И столько надежды, полновесной веры в голосе Маяковского, что одновременно и в партере и во всех ярусах – легкое шевеление, словно люди, поверив в силу этой невозможной жертвы, готовы ринуться с мест. Но голос Маяковского звучит вдруг глухо и безжалостно, сойдя на низы, где уже нет ничего, кроме бездонной правды непоправимого:

Но нету чудес,

и мечтать о них нечего.

Есть Ленин,

гроб

и согнутые плечи.

Он был человек

до конца человечьего –

неси

и казнись

тоской человечьей.

В Большом театре тихо так, как было тихо в Колонном зале тогда, в январские дни, шесть лет тому назад. Слышно лишь легкое сипенье прожектора, в луче которого стоит поэт.

Знамен

плывущих

склоняется шелк

последней

почестью отданной:

«Прощай же, товарищ,

ты честно прошел

свой доблестный путь, благородный».

Печально и сурово произносит поэт знакомые строки этой песни, которую певал и Ленин. И кажется, что из горя нет выхода, что полукруг ярусов сейчас сомкнётся кольцом – и не выбраться, не оправиться…
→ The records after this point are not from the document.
(* Let $\mathcal H$ be a Berge-$C_4$-free hypergraph (multi-hyperedges allowed), and let $H$ be a colored graph on the vertex set of $\mathcal H$ obtained as follows: for each hyperedge $h\in\mathcal H$ with $|h|\ge 4$, one places $|h|-3$ edges on vertices of $h$ such that the set of edges placed in $h$ forms a collection of pairwise vertex-disjoint triangles and single edges, and each edge placed in $h$ receives color $h$ (each edge of $H$ has exactly one color). Let $v$ be any vertex of $H$, let $d(v)$ be its degree in $H$, let $N_1(v)=\{x : vx\in E(H)\}$ and $N_2(v)=\{y\notin N_1(v)\cup\{v\} : \exists x\in N_1(v) \text{ with } xy\in E(H)\}$. Let $G=H[N_1(v)]$ be the subgraph of $H$ induced by $N_1(v)$. Let $G_{aux}$ be the graph on vertex set $N_1(v)$ in which $x\neq y$ are adjacent if and only if there exists $w\in N_2(v)$ with $wx,wy\in E(H)$, and let $G'_{aux}$ be the graph on $N_1(v)$ whose edge set is $E(G_{aux})\setminus E(G)$. Then the number of edges of $G'_{aux}$ satisfies $$|E(G'_{aux})| < d(v)^{9/5}.$$
   Context: A Berge cycle of length $k$ in a hypergraph is an alternating sequence $v_1,h_1,\ldots,v_k,h_k$ of distinct vertices and distinct hyperedges with $v_i,v_{i+1}\in h_i$ for $1\le i\le k-1$ and $v_k,v_1\in h_k$; Berge-$C_4$-free means no such sequence with $k=4$ exists. In $H$, an edge $xy$ ''has color $h$'' if it was placed inside hyperedge $h$. $xy$ denotes the pair $\{x,y\}$. *)

From HB Require Import structures.
From mathcomp Require Import all_boot all_order all_algebra.
From mathcomp Require Import reals exp.
Set Implicit Arguments. Unset Strict Implicit. Unset Printing Implicit Defensive.

Section Defs.
Variables (V E : finType).

(* A hypergraph on V with hyperedges indexed by E (multi-hyperedges allowed:
   distinct indices may carry the same vertex set). *)

Definition berge_C4_free (hE : E -> {set V}) : Prop :=
  forall (v1 v2 v3 v4 : V) (h1 h2 h3 h4 : E),
    uniq [:: v1; v2; v3; v4] -> uniq [:: h1; h2; h3; h4] ->
    ~ [/\ v1 \in hE h1 /\ v2 \in hE h1, v2 \in hE h2 /\ v3 \in hE h2,
          v3 \in hE h3 /\ v4 \in hE h3 & v4 \in hE h4 /\ v1 \in hE h4].

(* P h = the set of edges (2-element vertex sets) placed inside hyperedge h,
   i.e. the edges of color h. *)
Definition valid_placement (hE : E -> {set V}) (P : E -> {set {set V}}) : Prop :=
  [/\ forall h, (4 <= #|hE h| -> #|P h| = #|hE h| - 3) /\
                (#|hE h| < 4 -> P h = set0),
      forall h, exists S : {set {set V}},
        [/\ forall s, s \in S -> s \subset hE h /\ (#|s| = 2 \/ #|s| = 3),
            forall s t, s \in S -> t \in S -> s != t -> [disjoint s & t] &
            P h = [set e : {set V} | (#|e| == 2) && [exists s in S, e \subset s]]]
    & forall h1 h2 e, e \in P h1 -> e \in P h2 -> h1 = h2].

Definition Hedges (P : E -> {set {set V}}) : {set {set V}} := \bigcup_(h : E) P h.

Variable EH : {set {set V}}.

Definition N1 (v : V) : {set V} := [set x | [set v; x] \in EH].

Definition N2 (v : V) : {set V} :=
  [set y | (y \notin N1 v) && (y != v) && [exists x in N1 v, [set x; y] \in EH]].

Definition G_edges (v : V) : {set {set V}} :=
  [set e in EH | e \subset N1 v].

Definition Gaux_edges (v : V) : {set {set V}} :=
  [set [set x; y] | x in N1 v, y in N1 v &
     (x != y) && [exists w in N2 v, ([set w; x] \in EH) && ([set w; y] \in EH)]].

Definition Gaux'_edges (v : V) : {set {set V}} := Gaux_edges v :\: G_edges v.

End Defs.

(* Fix v, let N = N1(v) and d = |N|.  Call (x, y) with x, y in N an arc if y
   lies in the hyperedge h coloring vx while vy does not have color h.  If x, y
   in N have a common neighbour w in N2(v) but xy is not an edge, the colors of
   vx, xw, wy, yv form a Berge C4 on v, x, w, y unless two of them coincide, and
   the only coincidences left possible make (x, y) or (y, x) an arc; so
   |E(G'_aux)| is at most the number J of arcs.  Let K(y) be the in-degree of y.
   Two vertices x, x' with differently colored vx, vx' have at most two common
   out-neighbours (three would close a Berge C4 through v, or put three edges
   of one color class at v), and as color classes are disjoint triangles and
   edges, vx shares its color with at most one other vx'.  Hence
   sum K(y)^2 <= 2J + 2d(d-1), and Cauchy-Schwarz gives J^2 <= d (2J + 2d(d-1)),
   i.e. J = O(d^(3/2)).  For small d the trivial bound
   |E(G'_aux)| <= d(d-1)/2 suffices. *)

From mathcomp Require Import all_boot all_order all_algebra.
From mathcomp Require Import reals exp.
From mathcomp Require Import zify.
Import Order.TTheory GRing.Theory Num.Theory.
Set Implicit Arguments. Unset Strict Implicit. Unset Printing Implicit Defensive.

Lemma pred_pow5_lt (d : nat) : 0 < d <= 36 -> (d - 1) ^ 5 < 32 * d ^ 4.
Proof.
case/andP=> d_gt0 d_le36.
have e_le : (d - 1) ^ 5 <= 35 * (d - 1) ^ 4.
  by rewrite expnS leq_mul2r; apply/orP; right; lia.
have e_le' : (36 * (d - 1)) ^ 4 <= (35 * d) ^ 4 by rewrite leq_exp2r //; lia.
have d4_gt0 : 0 < d ^ 4 by rewrite expn_gt0 d_gt0.
rewrite !expnMn in e_le'.
move: e_le e_le' d4_gt0; move: ((d - 1) ^ 5) ((d - 1) ^ 4) (d ^ 4) => e5 e4 d4; lia.
Qed.

Lemma sqr_lt_cube (J d : nat) : 37 <= d ->
  J * J <= d * (2 * J + 2 * (d * (d - 1))) -> J * J < 3 * d ^ 3.
Proof.
move=> d_ge37 hJ; rewrite ltnNge; apply/negP => hJ3.
have d3 : d ^ 3 = d * (d * d) by rewrite !expnS expn0 muln1.
rewrite d3 in hJ3.
have J_le : J <= 6 * d by nia.
have dd_le : d * d <= 2 * J by nia.
nia.
Qed.

Lemma pow5_lt_pow9 (g J d : nat) : 0 < d -> g <= J -> 2 * g <= d * (d - 1) ->
  J * J <= d * (2 * J + 2 * (d * (d - 1))) -> g ^ 5 < d ^ 9.
Proof.
move=> d_gt0 g_le_J g_le_pairs hJ.
have [d_le36 | d_gt36] := leqP d 36.
  have hd : (d - 1) ^ 5 < 32 * d ^ 4 by apply: pred_pow5_lt; rewrite d_gt0.
  have hg : (2 * g) ^ 5 <= (d * (d - 1)) ^ 5 by rewrite leq_exp2r.
  rewrite !expnMn in hg.
  have -> : d ^ 9 = d ^ 5 * d ^ 4 by rewrite -expnD.
  have d5_gt0 : 0 < d ^ 5 by rewrite expn_gt0 d_gt0.
  move: hg hd d5_gt0; move: (g ^ 5) ((d - 1) ^ 5) (d ^ 4) (d ^ 5) => g5 e5 d4 d5.
  rewrite (_ : 2 ^ 5 = 32) //; nia.
have hg : g * g < 3 * d ^ 3.
  by apply: leq_ltn_trans (sqr_lt_cube d_gt36 hJ); apply: leq_mul.
have d3 : 3 ^ 5 <= d ^ 3 by apply: leq_trans (_ : 7 ^ 3 <= _); rewrite ?leq_exp2r //; lia.
have h18 : (g * g) ^ 5 < d ^ 18.
  apply: leq_trans (_ : (3 * d ^ 3) ^ 5 <= _); first by rewrite ltn_exp2r.
  by rewrite expnMn -expnM (_ : 18 = 3 + 3 * 5) // expnD leq_mul2r d3 orbT.
by rewrite -(ltn_exp2r _ _ (isT : 0 < 2)) expnS expn1 -expnMn -expnM.
Qed.

Lemma sum_mem_card (T : finType) (A : {pred T}) : \sum_(x : T) (x \in A : nat) = #|A|.
Proof. by rewrite -sum1_card [RHS]big_mkcond; apply: eq_bigr => x _; case: (x \in A). Qed.

Lemma sqr_sum_le_card_sum_sqr (T : finType) (A : {pred T}) (F : T -> nat) :
  (\sum_(y in A) F y) ^ 2 <= #|A| * \sum_(y in A) F y ^ 2.
Proof.
rewrite -(leq_pmul2l (isT : 0 < 2)) expnS expn1 big_distrl /=.
have -> : \sum_(y in A) F y * \sum_(z in A) F z = \sum_(y in A) \sum_(z in A) F y * F z.
  by apply: eq_bigr => y _; rewrite big_distrr.
rewrite big_distrr /=.
apply: leq_trans (_ : \sum_(y in A) \sum_(z in A) (F y ^ 2 + F z ^ 2) <= _).
  by apply: leq_sum => y _; rewrite big_distrr; apply: leq_sum => z _; apply: (nat_Cauchy _ _).1.
under eq_bigr do rewrite big_split /= sum_nat_const.
rewrite big_split /= sum_nat_const -big_distrr /=; lia.
Qed.

Lemma card_set_sum (T : finType) (p : pred T) : #|[set x | p x]| = \sum_(x : T) (p x : nat).
Proof. by rewrite -sum_mem_card; apply: eq_bigr => x _; rewrite inE. Qed.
Но вдруг снова крепнет, мужает, раздавая вширь стены, голос Маяковского:

Я знаю –

отныне

и навсегда

во мне

минута

эта вот самая.

Я счастлив,

что я

этой силы частица,

что общие

даже слезы из глаз.

Сильнее

и чище

нельзя причаститься

великому чувству

по имени –

класс!

Он заставляет каждого чувствовать себя этой частицей – участником истории. Торжественное сознание единства заставляет всех в зале воспрянуть. Наступает момент великолепного перелома, и голос Маяковского с низов горя вдруг одним страшным рывком восходит на вершины, с которых виден весь мир. Четыреста тысяч новых коммунистов идут заполнять собой брешь в рядах. Подымают якоря, по сигналу срываясь с причалов, уходя в море, боевые корабли. Зарываются в свинцовые глубины «подводные кроты». Всем знакомая наизусть, столько раз певавшаяся на улицах, мечтательная и неукротимая, звенит вдруг песня на весь зал Большого театра:

По морям,

по морям,

нынче здесь,

завтра там.

Маяковский делает широкий шаг вперед. Он теперь на самом краю, на обрыве сцены. Он выпрямляется, словно сам сейчас, как взрыв, ударил из-под земли.

Напрасно

кулак Европы задран.

Кроем их грохотом.

Назад!

Не сметь!

Высоко поднята над головой рука. Раскрыта ладонь. Широко растопырены пять пальцев. Маяковский как бы упирается в воздух перед собой. И – ладонью книзу – с высоты замаха рушит на Европу свой вывод:

Стала

величайшим

коммунистом-организатором

даже

сама

Ильичева смерть.

С такой победительной искренностью, с таким непреклонным убеждением читает Маяковский заключительные строки поэмы:

Да здравствует революция,

радостная и скорая!

Так верит он в людей, сидящих в зале, такой он им друг, что и там, в партере, в ложах, все невольно подаются вперед, навстречу этому ураганному голосу, и невольно приподнимаются.

Это –

единственная

великая война

из всех,

какие знала история.

А зал уже стоит, и овация летит по залу в слитом грохоте ладоней. «Как будто жесть в ладонях мнут. Оваций сила» растет и растет.